Kelly’s plan envisaged the eventual dissolution of both these existing organisations, and the assimilation of their membership and their functions into the Y.C.W. His reasons for this were set out in an A.C.T.S. pamphlet which he edited. Young Christian Workers (31 July 1939), wherein he equated the C.Y.M.S. with a Belgian Catholic youth organisation which had been taken over and re-constituted by the Jocists. The implication of the analogy was that the C.Y.M.S. could not be made into an effective Catholic Action body without being totally re-formed, as it was too sport- and social ly- orientated; too inward-looking and implicity defensive; and too set in its traditions and structures, to serve as an efficient vehicle of the militant social apostolate.27 However, it was essential, in the view of Kelly and of ANSCA, that the proposed Y.C.W. take over, firstly, the best potential leaders from within the C.B.L. and the C.Y.M.S.; and at a later date, the mass working- class membership of both. It needed the leaders to make up its trained, militant elite- and it needed the masses in order to become a popular movement in its own right, capable of transforming society from the factory floor upwards. The Y.C.W., by its very nature, had to displace or take over the other two bodies before it could hope to prosper.

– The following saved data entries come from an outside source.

Lemma subalgN x : D x -> D (- x).
Proof. by rewrite -scaleN1r; apply: subalgZr. Qed.

Lemma subalgB x y : D x -> D y -> D (x - y).
Proof. by move=> Dx Dy; apply: subalgD Dx (subalgN Dy). Qed.

Lemma subalg0 : D 0.
Proof. by rewrite -(subrr (cs_one A)); apply: subalgB subalg1 subalg1. Qed.

End UnitalStarSubalgebra.

Lemma subalgT (R : realType) (A : CstarAlgebra R) : is_unital_star_subalgebra [set: A].
Proof. by []. Qed.

Definition bounded_on (R : realType) (V W : normedModType R)
    (S : set V) (f : V -> W) :=
  exists2 C : R, 0 <= C & forall x, S x -> `|f x| <= C * `|x|.

Section UnitalAlgHom.
Variables (R : realType) (A B : CstarAlgebra R) (D : set A) (f : A -> B).
Hypotheses (hD : is_unital_star_subalgebra D) (hf : is_unital_alg_hom_on D f).

Lemma alg_homD x y : D x -> D y -> f (x + y) = f x + f y.
Proof. by case: hf => + _ _ _; apply. Qed.
Lemma alg_homM x y : D x -> D y -> f (cs_mul x y) = cs_mul (f x) (f y).
Proof. by case: hf => _ _ + _; apply. Qed.
Lemma alg_hom1 : f (cs_one A) = cs_one B.
Proof. by case: hf. Qed.

Lemma alg_homZ c x : D x -> f (cscale c x) = cscale c (f x).
Proof. by case: hf => _ + _ _; apply. Qed.

Lemma alg_homZr (r : R) x : D x -> f (r *: x) = r *: f x.
Proof. by rewrite -!cscale_real; apply: alg_homZ. Qed.

Lemma alg_homN x : D x -> f (- x) = - f x.
Proof. by move=> Dx; rewrite -scaleN1r alg_homZr// scaleN1r. Qed.

Lemma alg_homB x y : D x -> D y -> f (x - y) = f x - f y.
Proof. by move=> Dx Dy; rewrite alg_homD ?alg_homN //; apply: subalgN. Qed.

Lemma alg_hom0 : f 0 = 0.
Proof. by have D1 := subalg1 hD; rewrite -(subrr (cs_one A)) alg_homB// subrr. Qed.

Lemma alg_hom_sum (k : nat) (F : 'I_k -> A) : (forall j, D (F j)) ->
  f (\sum_(j < k) F j) = \sum_(j < k) f (F j).
Proof.
elim: k F => [|k IH] F DF; first by rewrite !big_ord0 alg_hom0.
rewrite !big_ord_recr /= alg_homD ?IH//.
by apply: (big_ind D (subalg0 hD) (subalgD hD)).
Qed.

Lemma alg_hom_bounded_frame (k : nat) (a b : 'I_k -> A) (S T : set A) :
    (forall j, D (a j) /\ D (b j)) -> \sum_(j < k) cs_mul (a j) (b j) = cs_one A ->
    (forall j x, T x -> S (cs_mul (b j) x)) ->
  bounded_on (D `&` S) f -> bounded_on (D `&` T) f.
Proof.
move=> Dab sum1 bTS [C C0 hC].
exists (C * \sum_(j < k) `|f (a j)| * `|b j|).
  by rewrite mulr_ge0 // sumr_ge0 // => j _; rewrite mulr_ge0.
move=> x [Dx Tx].
have Dbx j : D (cs_mul (b j) x) := subalgM hD (Dab j).2 Dx.
have x_sum : x = \sum_(j < k) cs_mul (a j) (cs_mul (b j) x).
  by rewrite -[LHS]cs_mul1l -sum1 cs_mul_suml; apply: eq_bigr => j _; rewrite cs_mulA.
rewrite {1}x_sum alg_hom_sum => [|j]; last exact: subalgM (Dab j).1 (Dbx j).
rewrite (le_trans (ler_norm_sum _ _ _)) // mulr_sumr mulr_suml; apply: ler_sum => j _.
rewrite alg_homM; [|exact: (Dab j).1|exact: Dbx].
apply: le_trans (cs_norm_mul _ _) _.
apply: le_trans (ler_wpM2l (normr_ge0 _) (hC _ (conj (Dbx j) (bTS j x Tx)))) _.
by rewrite mulrCA -!mulrA; do 2!apply: ler_wpM2l => //; exact: cs_norm_mul.
Qed.

End UnitalAlgHom.
Lemma star_hom_alg_hom (R : realType) (A B : CstarAlgebra R) (D : set A) (f : A -> B) :
  is_unital_star_hom_on D f -> is_unital_alg_hom_on D f.
Proof. by case. Qed.

Lemma star_homS (R : realType) (A B : CstarAlgebra R) (D : set A) (f : A -> B) x :
  is_unital_star_hom_on D f -> D x -> f (cs_star x) = cs_star (f x).
Proof. by case=> _ _ _ + _; apply. Qed.

Section SqrtOneSub.
Variables (R : realType) (A : CstarAlgebra R) (k : A).

(* (1 - y)^2 = 1 - k exactly when y = (k + y^2) / 2, and on the closed ball of radius 1/2
   this map is a 1/2-contraction. *)
Definition sqrt_step (y : A) : A := 2^-1 *: (k + cs_mul y y).
Definition sqrt_iter (n : nat) : A := iter n sqrt_step 0.
Definition sqrt1B : A := cs_one A - limn sqrt_iter.

Hypothesis k_small : `|k| <= 2^-1.

Let U := closed_ball (0 : A) 2^-1.

Let inU y : U y = (`|y| <= 2^-1).
Proof. by rewrite /U closed_ballE ?invr_gt0// /closed_ball_ /= sub0r normrN. Qed.

Lemma sqrt_step_ball : {homo sqrt_step : y / U y >-> U y}.
Proof.
move=> y; rewrite !inU => y_small; rewrite normrZ ger0_norm ?invr_ge0 ?ler0n//.
have : `|k + cs_mul y y| <= 2^-1 + 2^-1 * 2^-1.
  by rewrite (le_trans (ler_normD _ _)) ?lerD ?(le_trans (cs_norm_mul _ _)) ?ler_pM.
lra.
Qed.

Let stepU : {fun U >-> U} :=
  HB.pack sqrt_step (isFun.Build _ _ U U sqrt_step sqrt_step_ball).

Lemma sqrt_step_contraction : contraction (2^-1)%:nng stepU.
Proof.
split=> [|[y z] [/= Uy Uz]]; first by rewrite /= invf_lt1 ?ltr1n.
rewrite inU in Uy; rewrite inU in Uz; rewrite /= /sqrt_step -scalerBr opprD addrACA subrr.
rewrite add0r normrZ ger0_norm ?invr_ge0 ?ler0n//.
apply: ler_wpM2l; first by rewrite invr_ge0 ler0n.
apply: (le_trans (cs_norm_sub_sqr _ _)).
by rewrite ler_piMl ?normr_ge0//; lra.
Qed.

Lemma sqrt_iter_cvg : cvgn sqrt_iter.
Proof. by apply: (contraction_cvg sqrt_step_contraction); rewrite inU normr0 invr_ge0. Qed.

Lemma sqrt_lim_fixed : limn sqrt_iter = sqrt_step (limn sqrt_iter).
Proof.
apply: (contraction_cvg_fixed sqrt_step_contraction); last exact: closed_ball_closed.
by rewrite inU normr0 invr_ge0.
Qed.

Lemma sqrt1B_sqr : cs_mul sqrt1B sqrt1B = cs_one A - k.
Proof.
have y2 : limn sqrt_iter + limn sqrt_iter =
          k + cs_mul (limn sqrt_iter) (limn sqrt_iter).
  have half2 : (2^-1 + 2^-1 : R) = 1 by lra.
  by rewrite {1 2}sqrt_lim_fixed -scalerDl half2 scale1r.
rewrite /sqrt1B cs_mulBl !cs_mulBr !cs_mul1l cs_mul1r -addrA -opprD.
by rewrite addrA y2 addrK.
Qed.

Lemma sqrt_lim_eq (h h' : A -> A) : continuous h -> continuous h' ->
  (forall n, h (sqrt_iter n) = h' (sqrt_iter n)) ->
  h (limn sqrt_iter) = h' (limn sqrt_iter).
Proof.
move=> ch ch' hh'.
apply: (cvg_unique _ (continuous_cvg _ (ch _) sqrt_iter_cvg)); first exact: norm_hausdorff.
rewrite (_ : h \o sqrt_iter = h' \o sqrt_iter); last exact/funext.
exact: (continuous_cvg _ (ch' _) sqrt_iter_cvg).
Qed.

Lemma sqrt1B_comm c : cs_mul k c = cs_mul c k -> cs_mul sqrt1B c = cs_mul c sqrt1B.
Proof.
move=> kc.
have iter_comm n : cs_mul (sqrt_iter n) c = cs_mul c (sqrt_iter n).
  elim: n => [|n IH]; first by rewrite cs_mul0l cs_mul0r.
  rewrite /sqrt_iter iterS -/(sqrt_iter n) /sqrt_step cs_mulZl cs_mulZr.
  by rewrite cs_mulDl cs_mulDr kc -cs_mulA IH !cs_mulA IH.
have lim_comm : cs_mul (limn sqrt_iter) c = cs_mul c (limn sqrt_iter).
  apply: (sqrt_lim_eq (h := cs_mul^~ c) (h' := cs_mul c)) iter_comm.
    apply: (@additive_bounded_continuous _ _ _ _ `|c|) => [x y|x].
      exact: cs_mulBl.
    by rewrite mulrC cs_norm_mul.
  apply: (@additive_bounded_continuous _ _ _ _ `|c|) => [x y|x].
    exact: cs_mulBr.
  exact: cs_norm_mul.
by rewrite /sqrt1B cs_mulBl cs_mulBr cs_mul1l cs_mul1r lim_comm.
Qed.

Lemma sqrt1B_fixed (g : A -> A) : continuous g ->
  (forall x y, g (x + y) = g x + g y) -> (forall (r : R) x, g (r *: x) = r *: g x) ->
  (forall y, g (cs_mul y y) = cs_mul (g y) (g y)) ->
  g k = k -> g (cs_one A) = cs_one A -> g sqrt1B = sqrt1B.
Proof.
move=> cg gD gZ gsq gk g1.
have gN x : g (- x) = - g x by rewrite -scaleN1r gZ scaleN1r.
have g_iter n : g (sqrt_iter n) = sqrt_iter n.
  elim: n => [|n IH]; first by rewrite /sqrt_iter /= -(scale0r (0 : A)) gZ !scale0r.
  by rewrite /sqrt_iter iterS -/(sqrt_iter n) /sqrt_step gZ gD gsq IH gk.
by rewrite /sqrt1B gD gN g1 (sqrt_lim_eq (h' := id) cg (fun _ => cvg_id) g_iter).
Qed.

Lemma sqrt1B_star : cs_star k = k -> cs_star sqrt1B = sqrt1B.
Proof.
move=> sk; apply: sqrt1B_fixed => //.
- exact: cs_star_continuous.
- exact: cs_starD.
- exact: cs_starZ.
- by move=> y; rewrite cs_starM.
- exact: cs_star1.
Qed.

End SqrtOneSub.

Section StarHomBound.
Variables (R : realType) (A B : CstarAlgebra R) (D : set A) (f : A -> B).
Hypotheses (hD : is_unital_star_subalgebra D) (hf : is_unital_star_hom_on D f).
Hypothesis D_sqrt1B : forall k, `|k| <= 2^-1 -> cs_star k = k -> D k -> D (sqrt1B k).

Let hf_alg := star_hom_alg_hom hf.
Let D1 := subalg1 hD.
Lemma succ_l_opp (a b : car S) : succ_l opp a b <-> succ_r S a b.
Proof. split; intros H s; [rewrite <- mul1_opp | rewrite mul1_opp]; apply H. Qed.

Lemma succ_r_opp (a b : car S) : succ_r opp a b <-> succ_l S a b.
Proof. split; intros H s; [rewrite <- mul1_opp | rewrite mul1_opp]; apply H. Qed.

Lemma Rtilde_opp (a b : car S) : Rtilde S a b -> Ltilde opp a b.
Proof. intros [H | H]; [left | right]; apply succ_l_opp, H. Qed.

Lemma Hclass_opp (e x : car S) : Hclass opp e x -> Hclass S e x.
Proof.
  intros [[H | H] | [H | H]];
    [right; left | right; right | left; left | left; right];
    first [apply succ_l_opp | apply succ_r_opp]; exact H.
Qed.

Fixpoint term_rev (u : term opp) : term S :=
  match u with
  | TVar _ i => TVar S i
  | TConst _ a => TConst S a
  | TMul _ u1 u2 => TMul S (term_rev u2) (term_rev u1)
  end.

Lemma eval_rev (env : nat -> S1 S) (u : term opp) :
  eval opp env u = eval S env (term_rev u).
Proof.
  induction u as [| | u1 IH1 u2 IH2]; simpl; auto.
  now rewrite mul1_opp, IH1, IH2.
Qed.

Lemma vars_in_rev (l : list nat) (u : term opp) :
  vars_in opp l u -> vars_in S l (term_rev u).
Proof. induction u; simpl; tauto. Qed.

Lemma Pform_opp (P : car S -> Prop) : Pform opp P -> P_adm S P.
Proof.
  intros [u v Hu Hv | u v Hu Hv]; eexists; split.
  - exact (Pf1 S (term_rev u) (term_rev v) (vars_in_rev _ _ Hu) (vars_in_rev _ _ Hv)).
  - intro x; now rewrite !eval_rev.
  - exact (Pf2 S (term_rev u) (term_rev v) (vars_in_rev _ _ Hu) (vars_in_rev _ _ Hv)).
  - intro x; split; intros H s; specialize (H s); now rewrite ?eval_rev in *.
Qed.

Lemma Qform_opp (Q : Prop) : Qform opp Q -> Q_adm S Q.
Proof.
  intros [u v Hu Hv | u v Hu Hv | u v Hu Hv]; eexists; split.
  - exact (Qf1 S (term_rev u) (term_rev v) (vars_in_rev _ _ Hu) (vars_in_rev _ _ Hv)).
  - now rewrite !eval_rev.
  - exact (Qf2 S (term_rev u) (term_rev v) (vars_in_rev _ _ Hu) (vars_in_rev _ _ Hv)).
  - split; intros H s; specialize (H s); now rewrite ?eval_rev in *.
  - exact (Qf3 S (term_rev u) (term_rev v) (vars_in_rev _ _ Hu) (vars_in_rev _ _ Hv)).
  - split; intros H s t; specialize (H s t); now rewrite ?eval_rev in *.
Qed.

Lemma CD_S_opp : CD_S S -> CD_S opp.
Proof.
  intros HCD P Q HP HQ.
  exact (CD_adm S HCD P Q (Pform_opp P HP) (Qform_opp Q HQ)).
Qed.

End Opposite.

Theorem mainTheorem18 (S : SemigroupAp) (HCD : CD_S S) (e : car S)
  (He : smul S e e = e) :
  co_subsemigroup S (Hclass S e).
Proof.
  pose proof (CD_S_opp S HCD) as HCDop.
  split.
  - intros a x [HL | HR].
    + exact (Hclass_se_L S HCD e a x HL).
    + destruct (Hclass_se_L (opp S) HCDop e a x (Rtilde_opp S e a HR)) as [H | H].
      * left; exact (Hclass_opp S e x H).
      * now right.
  - intros x y [HL | HR].
    + exact (Hclass_prime_L S HCD e x y He HL).
    + (* x y in S is y x in S^op *)
      destruct (Hclass_prime_L (opp S) HCDop e y x He (Rtilde_opp S e _ HR)) as [H | H].
      * right; exact (Hclass_opp S e y H).
      * left; exact (Hclass_opp S e x H).
Qed.
Lemma max_rank_generic t : (t <= T)%N ->
  exists p : {mpoly K[T * D]}, (exists x, p.@[x] != 0) /\
    forall l, (forall i, is_dual I (l i)) -> p.@[coords b l] != 0 ->
      (max_rank I b t <= \rank (hankel_mx b t (zero_ext l)))%N.
Proof.
move=> le_t_T; have [L dual_L rkL] := max_rank_achieved I b t.
have [U [V minor_nz]] := exists_minor_neq0 (hankel_mx b t L).
pose p := \det (map_mx (@mpolyC _ K) U *m hankel_mpoly t *m map_mx (@mpolyC _ K) V).
have p_coords l : (forall i, is_dual I (l i)) ->
    p.@[coords b l] = \det (U *m hankel_mx b t (zero_ext l) *m V).
  move=> dual_l; rewrite /p -det_map_mx !map_mxM map_hankel_mpoly //.
  by congr (\det (_ *m _ *m _)); apply/matrixP => i j; rewrite !mxE /= mevalC.
exists p; split=> [|l dual_l]; last by rewrite p_coords // -rkL => /minor_neq0_rank.
pose l0 (i : 'I_T) := L i.
exists (coords b l0); rewrite p_coords; last by move=> i; apply: dual_L.
suff -> : hankel_mx b t (zero_ext l0) = hankel_mx b t L by [].
by apply: hankel_mx_eq => k kt; rewrite /zero_ext insubT ?(leq_trans kt le_t_T).
Qed.

End Genericity.

Section GenericLength.

Variables (K : fieldType) (n D : nat) (I : {mpoly K[n]} -> Prop).
Variable b : 'I_D -> {mpoly K[n]}.
Hypotheses (infK : infinite_field K) (idealI : is_ideal I) (basis_b : basis_mod I b).

Lemma max_ranks_generic T N : (N <= T.+1)%N ->
  exists p : {mpoly K[T * D]}, (exists x, p.@[x] != 0) /\
    forall l, (forall i, is_dual I (l i)) -> p.@[coords b l] != 0 ->
      forall t, (t < N)%N -> (max_rank I b t <= \rank (hankel_mx b t (zero_ext l)))%N.
Proof.
elim: N => [_|N IHN lt_N_T].
  by exists 1; split=> [|//]; exists (fun _ => 0); rewrite meval1 oner_neq0.
have [p [p_nz p_max]] := IHN (ltnW lt_N_T).
have [q [q_nz q_max]] := max_rank_generic basis_b (lt_N_T : (N <= T)%N).
exists (p * q); split; first exact: exists_meval_mul_neq0.
move=> l dual_l; rewrite mevalM mulf_eq0 negb_or => /andP [pl ql] t.
by rewrite ltnS leq_eqVlt => /predU1P [-> | lt_t_N]; [apply: q_max | apply: p_max].
Qed.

During 1937 Kelly had gained a firm foot-hold within the Catholic Boys’ Legion. Dave Nelson, the President, proved a valuable ally; and he in turn transmitted an enthusiasm for Jocist methods to Father Francis Lombard, a recently-ordained curate who operated a Catholic boys’ club in the parish of Northcote.28 Furthermore, a J.O.C. ‘ginger group’ of Kelly’s colleagues had been working systematically within the Legion to promote the Jocist scheme.” In 1938, as a result of their efforts, ‘nearly all’ the members of the Boys’ Legion Committee came to agree ‘that discussion groups along J.O.C. lines should be established in each boys’ club’. However, this proved too much for Father Lanigan, who at the end of May dismissed all the lay members from the Committee, and forbad the use of the J.O.C. prayer in meetings of associated clubs.30 Lanigan regarded the Legion as his own creation, and as his by right to command. His own vision of its functions did not extend beyond sporting and social activities; and he had apparently come to suspect that the Catholic Action enthusiasts were conspiring to take effective control of the organisation away from him. His purge of the Committee did not eradicate the Jocist influence within the Legion, but it did greatly restrict it.
In the short term, the C.B.L. setback was a major blow to Kelly’s Y.C.W. plans. An alternative source of access to the 14-18 year age group existed in the Catholic Youth Movement, and in an organisation which succeeded it, the ‘League of Catholic Youth’. The latter was an explicitly Catholic Action body which was formally inaugurated on 26 February 1939 ‘to combine and co-ordinate over fifty groups of Catholic young men and women, hitherto carrying on their activities independently’.3’ However, while these discussion group federations could furnish the Y.C.W. with some of its leaders, they could not provide it with a mass basis. Only the C.B.L. and the C.Y.M.S. could do that.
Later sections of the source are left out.